The greenhouse is 60 feet long and 24 feet deep with a northside 6ft wall buried in the earth, and the southern 2ft concrete footings buried 2ft below grade. So the whole building is sunk into the surrounding earth. So it has a lot of mass to the building.
The greenhouse interior is about 16ft tall, so the exit stovepipe will have 16ft+ of straight up rise.
I am working from Earnie and Erica's book, particularly the greenhouse 8" example in the book. In that example the bench has 40ft of pipe that runs in a straight line and does not take a 180 degree turn.
My desire is to have a simlarly long bench (roughly 34ft instead of 40ft) but have the pipe double back on itself (a 180degree turn) and head back to the heat riser before heading up and out of the building..
So functionally, I would have almost twice the length of pipe as the design on paper.
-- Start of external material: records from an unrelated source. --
(* Let $r\ge2$ and let $\mathcal{P}$ be a set of $m\ge2$ non-collectable $r$-patterns. Then every $\mathcal P$-clique has size smaller than the multicolor Ramsey number $R_m(3)$. In particular, if $m=2$, every $\mathcal P$-clique has at most $5$ edges.
   Context: An ordered $r$-matching is a set of pairwise disjoint $r$-element subsets (edges) of a linearly ordered vertex set covering it. An $r$-pattern is an ordered $r$-matching of size 2, written as a word over $\{A,B\}$ (each letter $r$ times, starting with $A$). Two edges form pattern $P$ if they induce a matching order-isomorphic to $P$; a $\mathcal P$-clique is an ordered matching all of whose pairs of edges form patterns in $\mathcal P$. An $r$-pattern is collectable if it can be split into consecutive blocks each of the form $A^tB^t$ or $B^tA^t$ ($t\ge1$); otherwise it is non-collectable. $R_m(3)$ is the least $N$ such that every coloring of the edges of the complete graph $K_N$ with $m$ colors contains a monochromatic triangle. *)

From mathcomp Require Import all_boot.
Set Implicit Arguments. Unset Strict Implicit. Unset Printing Implicit Defensive.

(* Words over {A,B}: A is encoded by [true], B by [false]. *)

Definition is_pattern (r : nat) (w : seq bool) : Prop :=
  count id w = r /\ count negb w = r /\ head false w = true.

Definition block (t : nat) (b : bool) : seq bool := nseq t b ++ nseq t (~~ b).

Definition collectable (w : seq bool) : Prop :=
  exists bs : seq (nat * bool),
    all (fun tb => 0 < tb.1) bs /\ w = flatten [seq block tb.1 tb.2 | tb <- bs].

(* Vertex set 'I_N, ordered by the natural order. *)
Definition ordered_matching (r N : nat) (M : {set {set 'I_N}}) : Prop :=
  (forall e, e \in M -> #|e| = r) /\
  (forall e f, e \in M -> f \in M -> e != f -> [disjoint e & f]) /\
  (\bigcup_(e in M) e = [set: 'I_N]).

(* The pattern (word) formed by two edges e, f: list the vertices of e ∪ f in
   increasing order, writing A for vertices of the edge containing the
   smallest vertex and B for the others. *)
Definition pattern_of (N : nat) (e f : {set 'I_N}) : seq bool :=
  match sort (fun x y : 'I_N => (x <= y)%N) (enum (e :|: f)) with
  | [::] => [::]
  | a :: s' => [seq (x \in e) == (a \in e) | x <- a :: s']
  end.

Definition P_clique (N : nat) (P : seq (seq bool)) (M : {set {set 'I_N}}) : Prop :=
  forall e f, e \in M -> f \in M -> e != f -> pattern_of e f \in P.

(* Every m-colouring of the edges of K_N (colour of {i,j}, i<j, is c i j)
   contains a monochromatic triangle. *)
Definition mono_triangle_prop (m N : nat) : Prop :=
  forall c : 'I_N -> 'I_N -> 'I_m,
    exists i j k : 'I_N, [/\ (i < j)%N, (j < k)%N, c i j = c j k & c i j = c i k].

Definition is_Ramsey3 (m R : nat) : Prop :=
  mono_triangle_prop m R /\ forall N, mono_triangle_prop m N -> R <= N.

From mathcomp Require Import all_boot zify.
Set Implicit Arguments. Unset Strict Implicit. Unset Printing Implicit Defensive.

(* Colour each pair of edges of a P-clique by the pattern it forms.  A
   monochromatic triangle yields edges X, Y, Z, each starting before the next,
   pairwise forming the same pattern w.  Comparing the i-th vertices of X, Y, Z
   shows that w never switches letters right after a prefix in which the new
   letter leads by two or more.  A balanced word with this property is
   collectable: its maximal first run b^t must be followed by at least t copies
   of the other letter, so A^tB^t or B^tA^t can be peeled off.  For m = 2 the
   bound R_2(3) <= 6 is checked by enumerating all 2-colourings of K_6. *)

Definition balanced (w : seq bool) := count id w = count negb w.

Definition bounded_switches (w : seq bool) := forall b w1 w2,
  w = w1 ++ [:: ~~ b, b & w2] -> count (pred1 b) w1 <= (count (pred1 (~~ b)) w1).+1.

Lemma count_pred1_bool (b : bool) s :
  count (pred1 b) s = if b then count id s else count negb s.
Proof. by case: b; apply: eq_count => [[]]. Qed.

Lemma balanced_block t b : balanced (block t b).
Proof. by rewrite /balanced /block !count_cat !count_nseq; case: b => /=; lia. Qed.

Lemma balanced_catr u v : balanced u -> balanced (u ++ v) -> balanced v.
Proof. by rewrite /balanced !count_cat; lia. Qed.

Lemma bounded_switches_catr u v :
  balanced u -> bounded_switches (u ++ v) -> bounded_switches v.
Proof.
move=> bal_u bnd b w1 w2 eq_v; have := bnd b (u ++ w1) w2.
rewrite eq_v catA => /(_ erefl); rewrite !count_cat.
by rewrite !count_pred1_bool; case: (b); rewrite /= bal_u; lia.
Qed.

Lemma split_leading_run (b : bool) w :
  exists t rest, w = nseq t b ++ rest /\ head (~~ b) rest != b.
Proof.
elim: w => [|c w [t [rest [-> head_rest]]]]; first by exists 0, [::]; case: b.
have [-> | neq_cb] := eqVneq c b; first by exists t.+1, rest.
by exists 0, (c :: nseq t b ++ rest).
Qed.

Lemma collectable_bounded_switches w :
  balanced w -> bounded_switches w -> collectable w.
Proof.
have [n] := ubnP (size w); elim: n w => // n IHn [_ _ _|b w' size_w bal bnd].
  by exists [::].
have [t [rest [eq_w head_rest]]] := split_leading_run b (b :: w').
have t_gt0 : 0 < t by case: t eq_w head_rest => // /= <- /=; rewrite eqxx.
have [k [rest2 [eq_rest head_rest2]]] := split_leading_run (~~ b) rest.
rewrite negbK in head_rest2.
have [le_tk | lt_kt] := leqP t k.
- set rest' := nseq (k - t) (~~ b) ++ rest2.
  have eq_w' : b :: w' = block t b ++ rest'.
    by rewrite eq_w eq_rest /rest' /block -catA; congr (_ ++ _); rewrite catA -nseqD subnKC.
  have size_rest' : size rest' < n.
    by move: size_w; rewrite eq_w' size_cat /block size_cat !size_nseq; lia.
  have bal_rest' : balanced rest'.
    by apply: balanced_catr (balanced_block t b) _; rewrite -eq_w'.
  have bnd_rest' : bounded_switches rest'.
    by apply: bounded_switches_catr (balanced_block t b) _; rewrite -eq_w'.
  have [bs [bs_gt0 eq_bs]] := IHn rest' size_rest' bal_rest' bnd_rest'.
  by exists ((t, b) :: bs); rewrite /= t_gt0 eq_w' eq_bs.
- exfalso; case: rest2 eq_rest head_rest2 => [|c rest3] eq_rest head_rest2.
    move: bal; rewrite /balanced eq_w eq_rest cats0 !count_cat !count_nseq.
    by case: (b) lt_kt => /=; lia.
  have eq_cb : c = b by move: head_rest2; case: (b); case: (c).
  subst c.
  case: k eq_rest lt_kt => [|k] eq_rest lt_kt.
    by move: head_rest; rewrite eq_rest /= eqxx.
  have := bnd b (nseq t b ++ nseq k (~~ b)) rest3.
  rewrite eq_w eq_rest -addn1 nseqD -!catA => /(_ erefl).
  rewrite !count_cat !count_nseq /= eqxx.
  by case: (b) lt_kt => /=; lia.
Qed.

Section SortedVertices.
Variable N : nat.
Implicit Types (X Y Z E F : {set 'I_N}) (x y : 'I_N).

Definition sorted_vertices E := sort (fun x y : 'I_N => x <= y) (enum E).

Local Notation ltv := (relpre (@nat_of_ord N) ltn).

Lemma ltv_trans : transitive ltv.
Proof. exact: relpre_trans ltn_trans. Qed.

Lemma sorted_vertices_ltn E : sorted ltv (sorted_vertices E).
Proof.
rewrite -sorted_map ltn_sorted_uniq_leq (map_inj_uniq val_inj) sort_uniq enum_uniq.
by rewrite sorted_map; apply: sort_sorted => x y; exact: leq_total.
Qed.

Lemma mem_sorted_vertices E x : (x \in sorted_vertices E) = (x \in E).
Proof. by rewrite mem_sort mem_enum. Qed.

Lemma sorted_vertices_eq s E : sorted ltv s -> s =i E -> s = sorted_vertices E.
Proof.
move=> sorted_s eq_sE; apply: (irr_sorted_eq ltv_trans) => //.
- by move=> x; rewrite /= ltnn.
- exact: sorted_vertices_ltn.
- by move=> x; rewrite eq_sE mem_sorted_vertices.
Qed.

Lemma filter_sorted_verticesU X Y : [disjoint X & Y] ->
  [seq x <- sorted_vertices (X :|: Y) | x \in X] = sorted_vertices X /\
  [seq x <- sorted_vertices (X :|: Y) | x \notin X] = sorted_vertices Y.
Proof.
have sorted_part a := sorted_filter ltv_trans a (sorted_vertices_ltn (X :|: Y)).
move=> dXY; split; apply: sorted_vertices_eq => // x;
  rewrite mem_filter mem_sorted_vertices in_setU.
- by case: (x \in X).
- by case Xx: (x \in X); rewrite ?(disjointFr dXY Xx).
Qed.

Lemma sorted_vertices_min E a s : sorted_vertices E = a :: s ->
  a \in E /\ forall x, x \in E -> a <= x.
Proof.
move=> eq_s; have := sorted_vertices_ltn E.
rewrite eq_s (sorted_pairwise ltv_trans) /= => /andP [/allP a_lt _].
split=> [|x]; first by rewrite -mem_sorted_vertices eq_s mem_head.
rewrite -mem_sorted_vertices eq_s in_cons => /predU1P [-> //|/a_lt].
exact: ltnW.
Qed.

Definition starts_first E F := exists2 a, a \in E & forall x, x \in E :|: F -> a <= x.

Definition forms E F w := [disjoint E & F] /\ pattern_of E F = w.

Lemma pattern_ofE E F : starts_first E F ->
  pattern_of E F = [seq x \in E | x <- sorted_vertices (E :|: F)].
Proof.
move=> [a Ea a_min]; rewrite /pattern_of -/(sorted_vertices _).
case eq_s: (sorted_vertices (E :|: F)) => [|a0 s].
  by move: (mem_sorted_vertices (E :|: F) a); rewrite eq_s in_setU Ea.
have [EFa0 a0_min] := sorted_vertices_min eq_s.
have -> : a0 = a by apply/val_inj/eqP; rewrite eqn_leq a_min ?a0_min // in_setU Ea.
rewrite /= Ea; congr (_ :: _); apply: eq_map => x; exact: eqb_id.
Qed.

Lemma forms_sym E F w : forms E F w -> forms F E w.
Proof.
move=> [dEF <-]; split; first by rewrite disjoint_sym.
rewrite /pattern_of setUC; case eq_s: (sort _ _) => [|a s] //=.
have memE x : x \in a :: s -> (x \in E) = (x \notin F).
  rewrite -eq_s mem_sort mem_enum in_setU.
  by case Ex: (x \in E); rewrite ?(disjointFr dEF Ex) //= => ->.
rewrite !eqxx; congr (_ :: _); apply/eq_in_map => x sx.
by rewrite !memE ?mem_head ?in_cons ?sx ?orbT //; case: (x \in F); case: (a \in F).
Qed.

Lemma starts_first_total E F : [disjoint E & F] -> E :|: F != set0 ->
  starts_first E F \/ starts_first F E.
Proof.
move=> dEF /set0Pn [x0 EFx0].
case eq_s: (sorted_vertices (E :|: F)) => [|a s].
  by move: (mem_sorted_vertices (E :|: F) x0); rewrite eq_s EFx0.
have [] := sorted_vertices_min eq_s; rewrite in_setU => /orP [Ea|Fa] a_min.
- by left; exists a.
- by right; exists a => // x; rewrite setUC; apply: a_min.
Qed.

Lemma starts_first_trans X Y Z :
  starts_first X Y -> starts_first Y Z -> starts_first X Z.
Proof.
move=> [a Xa a_min] [b Yb b_min]; exists a => // x; rewrite in_setU.
case/orP => [Xx|Zx]; first by rewrite a_min // in_setU Xx.
by rewrite (leq_trans (a_min b _)) ?b_min // in_setU ?Yb ?Zx ?orbT.
Qed.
I understand that I need to help such a system establish and maintain a good draft. The design elements that I intend to employ to do that include:
1.) the exit flue is next to the barrel, so it is heated by the initial fire.
2.) minimal bends, only one 180 degree bend.
3.) have pipe running through mass always on an inclining plane to the vertical exit flue.
4.) The 16ft+ rise on the exit pipe.
Other design considerations which I am aware might help, but don't have a clear image of how to do include:
1.) have a means of lighting a small fire (a candle or piece of paper) in the exit flue to establish initial draw.
2.) make the heat riser taller and very well insulated.
3.) create a way (in the manifold) to vent initial fire directly into exit flue to establish draw.
To be clear about my questions for y'all:
1,.) is a 60ft long system even feasible? If not, is there generally regarded an upper range of length?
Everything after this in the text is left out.